● **TASK DESCRIPTION**
Wherever "space" appears in a line of the listing, report that line.

● **DATA RECORDS**
Lemma node_of_Int_eq X Y N N' z : [disjoint X & Y] ->
  node_of le X Y N -> node_of le X Y N' -> z \in Int le N -> z \in Int le N' -> N = N'.
Proof.
move=> XY_disj N_node N'_node /IntP [[a aN az] _] /IntP [_ [b bN' zb]].
apply: (node_of_eq N_node N'_node aN bN'); rewrite /lt (le_trans az zb) andbT.
apply: contraTneq (node_of_in2 N'_node bN') => <-.
by rewrite (disjointFr XY_disj (node_of_in1 N_node aN)).
Qed.

Lemma node_of_in2_Int X Y N b : Y \subset up le X -> [disjoint X & Y] ->
  node_of le X Y N -> b \in N.2 -> b \in Int le N.
Proof.
move=> /subsetP Y_up XY_disj N_node bN; apply/IntP; split; last by exists b; rewrite ?le_refl.
have /Y_up := node_of_in2 N_node bN; rewrite inE => /exists_inP [a aX ab].
exists a => //; apply: (node_of_adj1 N_node bN aX); rewrite /lt ab andbT.
by apply: contraTneq aX => ->; rewrite (disjointFl XY_disj (node_of_in2 N_node bN)).
Qed.

Lemma node_of_edge X Y N : sqle le X Y -> Y \subset up le X -> [disjoint X & Y] ->
  node_of le X Y N -> exists a b, [/\ a \in N.1, b \in N.2 & le a b].
Proof.
move=> /sqleP XY Y_up XY_disj N_node.
have [c /setUP [cX|cY] [N1 N2]] := N_node.
  have [b bY cb] := XY c cX; have cN : c \in N.1 by rewrite N1 !inE cX connect0.
  exists c, b; split => //; apply: (node_of_adj2 N_node cN bY); rewrite /lt cb andbT.
  by apply: contraTneq cX => ->; rewrite (disjointFl XY_disj bY).
have cN : c \in N.2 by rewrite N2 !inE cY connect0.
have /IntP [[a aN ac] _] := node_of_in2_Int Y_up XY_disj N_node cN.
by exists a, c.
Qed.

Lemma node_of_lift X Y Z M :
    sqle le X Y -> sqle le Y Z -> [disjoint X & Z] -> node_of le X Y M ->
  exists2 P, node_of le X Z P &
    M.1 \subset P.1 /\ forall b, b \in M.2 -> exists2 y, y \in P.2 & le b y.
Proof.
move=> XY YZ XZ_disj [c cXY [M1 M2]].
pose big := bip_adj le X Z.
have big_edge a y : a \in X -> y \in Z -> le a y -> big a y.
  move=> aX yZ ay; rewrite /big /bip_adj aX yZ /lt ay /=; apply/orP; left; rewrite andbT.
  by apply: contraTneq aX => ->; rewrite (disjointFl XZ_disj yZ).
have [y0 y0Z c_y0] : exists2 y0, y0 \in Z & le c y0.
  by case/setUP: cXY; apply/sqleP; [exact: sqle_trans YZ|].
pose P := (X :&: [set v | connect big y0 v], Z :&: [set v | connect big y0 v]).
pose below_P v := exists2 y, y \in Z & le v y && connect big y0 y.
have M_below v : connect (bip_adj le X Y) c v -> below_P v.
  apply: (@connect_inv _ _ below_P); last by exists y0; rewrite // c_y0 connect0.
  move=> a b [y yZ /andP [ay y0_y]] /orP [/andP [/andP [aX bY] ab]|/andP [/andP [bX aY] ba]].
    have [y' y'Z b_y'] := sqleP _ _ YZ b bY; exists y'; rewrite // b_y'.
    have y_a : big y a by rewrite /big bip_adjC; exact: big_edge _ _ aX yZ ay.
    have a_y' : big a y' := big_edge _ _ aX y'Z (le_trans (ltW ab) b_y').
    exact: connect_trans y0_y (connect_trans (connect1 y_a) (connect1 a_y')).
  by exists y; rewrite // (le_trans (ltW ba) ay).
exists P; first by exists y0; rewrite // inE y0Z orbT.
split=> [|b]; last first.
  rewrite M2 => /setIP [bY]; rewrite inE => /M_below [y yZ /andP [b_y y0_y]].
  by exists y; rewrite // !inE yZ.
apply/subsetP => a; rewrite M1 => /setIP [aX]; rewrite inE => /M_below [y yZ /andP [ay y0_y]].
rewrite !inE aX (connect_trans y0_y) // connect1 // /big bip_adjC.
exact: big_edge _ _ aX yZ ay.
Qed.
(* Let $P$ be a treetope with base $B$. Then for every face $F$ of $P$ with $\dim F>1$, either $F\subseteq B$, or $F\cap B$ is a facet of $F$ and $F$ is a treetope with base $F\cap B$. In particular, $\dim(F\cap B)\ge \dim F-1$ for every face $F$ of $P$ with $\dim F>1$.
   Context: A polytope is the convex hull of a finite set of points in a Euclidean space; faces, vertices, edges, facets and the graph (1-skeleton) are as usual. A \emph{treetope} is a polytope $P$ together with a distinguished facet $B$ (the \emph{base}) such that every face $F$ of $P$ whose intersection $F\cap B$ consists of at most one point has dimension at most one. *)

From HB Require Import structures.
From mathcomp Require Import all_boot all_order all_algebra.
Set Implicit Arguments. Unset Strict Implicit. Unset Printing Implicit Defensive.
Import Order.TTheory GRing.Theory Num.Theory.
Local Open Scope ring_scope.

Section Polytopes.
Variables (R : realFieldType) (n : nat).
Notation pt := 'rV[R]_n.
Definition pset := pt -> Prop.

Definition dotv (u v : pt) : R := \sum_(i < n) u ord0 i * v ord0 i.

Definition conv (V : seq pt) : pset := fun x =>
  exists w : 'I_(size V) -> R,
    (forall i, 0 <= w i) /\ \sum_(i < size V) w i = 1 /\
    x = \sum_(i < size V) w i *: V`_i.

Definition is_polytope (P : pset) : Prop :=
  exists V : seq pt, forall x, P x <-> conv V x.

Definition psubset (A B : pset) : Prop := forall x, A x -> B x.
Definition psetI (A B : pset) : pset := fun x => A x /\ B x.

(* faces: intersections of P with a (weakly) valid inequality; this includes
   the empty face and P itself (a = 0). *)
Definition face (P F : pset) : Prop :=
  exists (a : pt) (b : R),
    (forall x, P x -> dotv a x <= b) /\
    (forall x, F x <-> (P x /\ dotv a x = b)).

Definition aff_indep (ps : seq pt) : Prop :=
  forall c : 'I_(size ps) -> R,
    \sum_(i < size ps) c i = 0 ->
    \sum_(i < size ps) c i *: ps`_i = 0 ->
    forall i, c i = 0.

(* dim_is S d : the affine dimension of S is d (d = -1 iff S is empty),
   i.e. d+1 is the maximal number of affinely independent points of S. *)
Definition dim_is (S : pset) (d : int) : Prop :=
  exists m : nat, d = (m%:Z - 1)%R /\
    (exists ps : seq pt, size ps = m /\ (forall x, x \in ps -> S x) /\ aff_indep ps) /\
    (forall ps : seq pt, (forall x, x \in ps -> S x) -> aff_indep ps -> (size ps <= m)%N).

Definition facet (P F : pset) : Prop :=
  face P F /\ exists d : int, dim_is P d /\ dim_is F (d - 1).

Definition treetope (P B : pset) : Prop :=
  is_polytope P /\ facet P B /\
  forall F, face P F ->
    (forall x y, F x -> B x -> F y -> B y -> x = y) ->
    forall d : int, dim_is F d -> d <= 1.

End Polytopes.

(* Faces of a polytope are convex hulls of sublists of its vertices, and the affine
   dimension of the hull of a list L is the rank of the matrix of the homogenized points
   (1, v), v in L, minus one.  So for a face F with vertex list W the codimension of
   F ∩ B in F is the dimension of the space of affine functions vanishing on the
   vertices of F ∩ B, restricted to W.  The slack s of the base inequality is such a
   function, nonzero on W unless F is contained in B: the codimension is at least one.
   If it were at least two, there would be a second such function p, not proportional
   to s on W.  Let g be a vertex of F ∩ B of maximal norm, exposed by an affine c, and
   take a lower edge of the planar points (p v / s v, c v / s v), v a vertex of F off B.
   The corresponding combination of s, p and c cuts out a face of F meeting B only in g
   but containing three affinely independent vertices; a treetope has no such face. *)

From HB Require Import structures.
From mathcomp Require Import all_boot all_order all_algebra.
From mathcomp Require Import ring lra zify.
From Stdlib Require Import Classical.
Import Order.TTheory GRing.Theory Num.Theory.
Local Open Scope ring_scope.
Set Implicit Arguments. Unset Strict Implicit. Unset Printing Implicit Defensive.

Section Affine.
Variables (R : realFieldType) (n : nat).
Notation pt := 'rV[R]_n.

Lemma dotv_sumr m (w : 'I_m -> R) (v : 'I_m -> pt) (a : pt) :
  dotv a (\sum_(i < m) w i *: v i) = \sum_(i < m) w i * dotv a (v i).
Proof.
rewrite /dotv; under eq_bigr do rewrite summxE.
under [RHS]eq_bigr do rewrite mulr_sumr.
rewrite exchange_big /=; apply: eq_bigr => j _; rewrite mulr_sumr.
by apply: eq_bigr => i _; rewrite mxE mulrCA.
Qed.

Lemma dotvC (a x : pt) : dotv a x = dotv x a.
Proof. by apply: eq_bigr => i _; rewrite mulrC. Qed.

Lemma dotvDl (a b x : pt) : dotv (a + b) x = dotv a x + dotv b x.
Proof. by rewrite /dotv -big_split; apply: eq_bigr => i _; rewrite mxE mulrDl. Qed.

Lemma dotvNl (a x : pt) : dotv (- a) x = - dotv a x.
Proof. by rewrite /dotv -sumrN; apply: eq_bigr => i _; rewrite mxE mulNr. Qed.

Lemma dotvBl (a b x : pt) : dotv (a - b) x = dotv a x - dotv b x.
Proof. by rewrite dotvDl dotvNl. Qed.

Lemma dotvBr (a x y : pt) : dotv a (x - y) = dotv a x - dotv a y.
Proof. by rewrite !(dotvC a) dotvBl. Qed.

● **OUTPUT OF THE TASK**
   Context: A polytope is the convex hull of a finite set of points in a Euclidean space; faces, vertices, edges, facets and the graph (1-skeleton) are as usual. A \emph{treetope} is a polytope $P$ together with a distinguished facet $B$ (the \emph{base}) such that every face $F$ of $P$ whose intersection $F\cap B$ consists of at most one point has dimension at most one. *)
   F ∩ B in F is the dimension of the space of affine functions vanishing on the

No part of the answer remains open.